_Problem to work on_
Output every line of the entries from the line containing "pose proof (NoDup_incl_length" through the last, exactly, with no other content.

_Saved entries_
# # #
(* Let $\mu^\ast$ be an upper quasi-density on $\mathbb{H}$, fix $k\in\mathbb{N}^+$, and let $h_1,\dots,h_n\in\mathbb{N}$ be such that $h_i\not\equiv h_j \pmod k$ for $1\le i<j\le n$. Set $\mathcal{H}:=\{h_1,\dots,h_n\}$ and $\mathcal{V}_{k,\mathcal{H}}:=\bigcup_{h\in\mathcal{H}}(k\cdot\mathbb{H}+h)$. Then for every finite $\mathcal{V}\subseteq\mathbb{H}$, $\mu^\ast(\mathcal{V}_{k,\mathcal{H}}\cup\mathcal{V})=\frac nk$ and $\mu^\ast(\mathcal{V}_{k,\mathcal{H}}\setminus\mathcal{V})\ge\frac nk$.
   Context: $\mathbb{N}=\{0,1,2,\dots\}$, $\mathbb{N}^+=\{1,2,\dots\}$; $\mathbb{H}$ is one of $\mathbb{Z},\mathbb{N},\mathbb{N}^+$. For $X\subseteq\mathbb{H}$, $k\in\mathbb{N}^+$, $h\in\mathbb{N}$, $k\cdot X+h:=\{kx+h:x\in X\}$. An upper quasi-density on $\mathbb{H}$ is a function $\mu^\ast:\mathcal{P}(\mathbb{H})\to\mathbb{R}$ with $\mu^\ast(\mathbb{H})=1$, $\mu^\ast(X)\le1$ for all $X$, $\mu^\ast(X\cup Y)\le\mu^\ast(X)+\mu^\ast(Y)$ for all $X,Y$, and $\mu^\ast(k\cdot X+h)=\frac1k\mu^\ast(X)$ for all $X\subseteq\mathbb{H}$, $h,k\in\mathbb{N}^+$. *)

From Stdlib Require Import Reals ZArith List.
Open Scope R_scope.

(* The three possible ambient sets H = Z, N, N^+, realised as subsets of Z. *)
Inductive HKind : Type := HZ | HN | HNpos.

Definition carrier (H : HKind) (z : Z) : Prop :=
  match H with
  | HZ => True
  | HN => (0 <= z)%Z
  | HNpos => (1 <= z)%Z
  end.

Definition subsetH (H : HKind) (X : Z -> Prop) : Prop :=
  forall z, X z -> carrier H z.

Definition setU (X Y : Z -> Prop) : Z -> Prop := fun z => X z \/ Y z.
Definition setD (X Y : Z -> Prop) : Z -> Prop := fun z => X z /\ ~ Y z.

Definition dil (k h : Z) (X : Z -> Prop) : Z -> Prop :=
  fun z => exists x, X x /\ z = (k * x + h)%Z.

Definition finite_set (V : Z -> Prop) : Prop :=
  exists l : list Z, forall z, V z <-> In z l.

(* Upper quasi-density on H: only its values on subsets of H matter. *)
Definition upper_quasi_density (H : HKind) (mu : (Z -> Prop) -> R) : Prop :=
  mu (carrier H) = 1 /\
  (forall X, subsetH H X -> mu X <= 1) /\
  (forall X Y, subsetH H X -> subsetH H Y -> mu (setU X Y) <= mu X + mu Y) /\
  (forall X (h k : Z), subsetH H X -> (1 <= h)%Z -> (1 <= k)%Z ->
      mu (dil k h X) = mu X / IZR k).

Definition Vkh (H : HKind) (k : Z) (n : nat) (h : nat -> Z) : Z -> Prop :=
  fun z => exists i, (i < n)%nat /\ dil k (h i) (carrier H) z.

(* Write W for V_{k,H}.  Its pieces k.H + h_i each have density at most 1/k
   (exactly 1/k if h_i >= 1, and k.H + 0 differs from k.H + k by one point),
   so mu(W) <= n/k by subadditivity.  Conversely, since the h_i are pairwise
   incongruent mod k, only k - n residues mod k are missed by W, and H is
   covered by W, the k - n classes k.H + r of the missed residues, and a
   finite interval.  Finite sets are null (a singleton {a} has the same
   density as its translate {2a+1} = 2.{a} + 1, which has half of it), so
   1 <= mu(X) + (k - n)/k for every X that agrees with W up to a finite set. *)

From Stdlib Require Import Reals ZArith List Lra Lia.
From Stdlib Require Import Classical FunctionalExtensionality PropExtensionality.
Open Scope R_scope.

Lemma pred_ext (X Y : Z -> Prop) : (forall z, X z <-> Y z) -> X = Y.
Proof.
  intro E; apply functional_extensionality; intro z.
  apply propositional_extensionality, E.
Qed.

Definition set0 : Z -> Prop := fun _ => False.
Definition sing (a : Z) : Z -> Prop := fun z => z = a.
Definition bigcup {A : Type} (l : list A) (F : A -> Z -> Prop) : Z -> Prop :=
  fun z => exists a, In a l /\ F a z.
Definition resclass (H : HKind) (k r : Z) : Z -> Prop := dil k r (carrier H).

(* The least element of H; for H = Z the value is arbitrary. *)
Definition carrier_min (H : HKind) : Z :=
  match H with HNpos => 1%Z | _ => 0%Z end.

Lemma carrier_ge_min H z : (carrier_min H <= z)%Z -> carrier H z.
Proof. destruct H; simpl; trivial. Qed.

Lemma resclass_sub H k r : (1 <= k)%Z -> (0 <= r)%Z -> subsetH H (resclass H k r).
Proof. intros hk hr z [x [Hx ->]]; destruct H; simpl in *; trivial; nia. Qed.

Lemma resclass_or_small H k q r z : (1 <= k)%Z -> carrier H z -> z = (k * q + r)%Z ->
  resclass H k r z \/ (carrier_min H <= z <= r)%Z.
Proof.
  intros hk Hz ->.
  destruct (classic (carrier H q)) as [Hq | Hq]; [left; exists q; auto | right].
  destruct H; simpl in *; [contradiction Hq; exact I | nia | nia].
Qed.

Lemma dil_sing k d a : dil k d (sing a) = sing (k * a + d).
Proof.
  apply pred_ext; intro z; unfold dil, sing; split.
  - now intros [x [-> ->]].
  - intros ->; now exists a.
Qed.

Lemma bigcup_nil {A} (F : A -> Z -> Prop) : bigcup nil F = set0.
Proof. apply pred_ext; intro z; unfold bigcup, set0; simpl; firstorder. Qed.

Lemma bigcup_cons {A} a l (F : A -> Z -> Prop) :
  bigcup (a :: l) F = setU (F a) (bigcup l F).
Proof.
  apply pred_ext; intro z; unfold bigcup, setU; simpl; split.
  - intros [b [[<- | Hb] Fb]]; [left | right; exists b]; auto.
  - intros [Fa | [b [Hb Fb]]]; [exists a | exists b]; auto.
Qed.

Lemma bigcup_sub H {A} (l : list A) F :
  (forall a, In a l -> subsetH H (F a)) -> subsetH H (bigcup l F).
Proof. intros HF z [a [Ha Fa]]; exact (HF a Ha z Fa). Qed.

Lemma Vkh_bigcup H k n h :
  Vkh H k n h = bigcup (seq 0 n) (fun i => resclass H k (h i)).
Proof.
  apply pred_ext; intro z; unfold Vkh, bigcup; split;
    intros [i [Hi Hz]]; exists i; rewrite in_seq in *; split; auto; lia.
Qed.

Lemma Vkh_sub H k n h : (1 <= k)%Z -> (forall i, (i < n)%nat -> (0 <= h i)%Z) ->
  subsetH H (Vkh H k n h).
Proof.
  intros hk hnat; rewrite Vkh_bigcup; apply bigcup_sub; intros i Hi.
  rewrite in_seq in Hi; apply resclass_sub, hnat; auto; lia.
Qed.

Lemma finite_setU X Y : finite_set X -> finite_set Y -> finite_set (setU X Y).
Proof.
  intros [l1 E1] [l2 E2]; exists (l1 ++ l2); intro z.
  unfold setU; rewrite in_app_iff, E1, E2; tauto.
Qed.

Lemma interval_finite a b : finite_set (fun z => (a <= z <= b)%Z).
Proof.
  exists (map (fun j => a + Z.of_nat j)%Z (seq 0 (Z.to_nat (b - a + 1)))); intro z.
  rewrite in_map_iff; split.
  - intro Hz; exists (Z.to_nat (z - a)); rewrite in_seq; lia.
  - intros [j [<- Hj]]; rewrite in_seq in Hj; lia.
Qed.

Lemma exists_upper_bound (n : nat) (h : nat -> Z) :
  exists M, forall i, (i < n)%nat -> (h i <= M)%Z.
Proof.
  induction n as [| n [M HM]]; [exists 0%Z; lia |].
  exists (Z.max M (h n)); intros i Hi.
  destruct (Nat.eq_dec i n) as [-> | Ne]; [lia | specialize (HM i ltac:(lia)); lia].
Qed.

Lemma length_filter_negb_add_le {A} (p : A -> bool) (l m : list A) :
  NoDup m -> incl m (filter p l) ->
  (length (filter (fun x => negb (p x)) l) + length m <= length l)%nat.
Proof.
  intros Hm Hincl.
  pose proof (NoDup_incl_length Hm Hincl); pose proof (filter_length p l); lia.
Qed.

Section Residues.

Variables (H : HKind) (k : Z) (n : nat) (h : nat -> Z).
Hypothesis hk : (1 <= k)%Z.

Definition residues : list Z := map Z.of_nat (seq 0 (Z.to_nat k)).
Definition hit (r : Z) : bool := existsb (fun i => (h i mod k =? r)%Z) (seq 0 n).
Definition missed_residues : list Z := filter (fun r => negb (hit r)) residues.

Lemma In_residues r : In r residues <-> (0 <= r < k)%Z.
Proof.
  unfold residues; rewrite in_map_iff; split.
  - intros [j [<- Hj]]; rewrite in_seq in Hj; lia.
  - intro Hr; exists (Z.to_nat r); rewrite in_seq; lia.
Qed.

Lemma missed_residues_nonneg r : In r missed_residues -> (0 <= r)%Z.
Proof. unfold missed_residues; rewrite filter_In, In_residues; lia. Qed.

Lemma missed_classes_sub : subsetH H (bigcup missed_residues (resclass H k)).
Proof.
  apply bigcup_sub; intros r Hr; apply resclass_sub, missed_residues_nonneg; auto.
Qed.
# # #
_Response_
  pose proof (NoDup_incl_length Hm Hincl); pose proof (filter_length p l); lia.
Qed.

Section Residues.

Variables (H : HKind) (k : Z) (n : nat) (h : nat -> Z).
Hypothesis hk : (1 <= k)%Z.

Definition residues : list Z := map Z.of_nat (seq 0 (Z.to_nat k)).
Definition hit (r : Z) : bool := existsb (fun i => (h i mod k =? r)%Z) (seq 0 n).
Definition missed_residues : list Z := filter (fun r => negb (hit r)) residues.

Lemma In_residues r : In r residues <-> (0 <= r < k)%Z.
Proof.
  unfold residues; rewrite in_map_iff; split.
  - intros [j [<- Hj]]; rewrite in_seq in Hj; lia.
  - intro Hr; exists (Z.to_nat r); rewrite in_seq; lia.
Qed.

Lemma missed_residues_nonneg r : In r missed_residues -> (0 <= r)%Z.
Proof. unfold missed_residues; rewrite filter_In, In_residues; lia. Qed.

Lemma missed_classes_sub : subsetH H (bigcup missed_residues (resclass H k)).
Proof.
  apply bigcup_sub; intros r Hr; apply resclass_sub, missed_residues_nonneg; auto.
Qed.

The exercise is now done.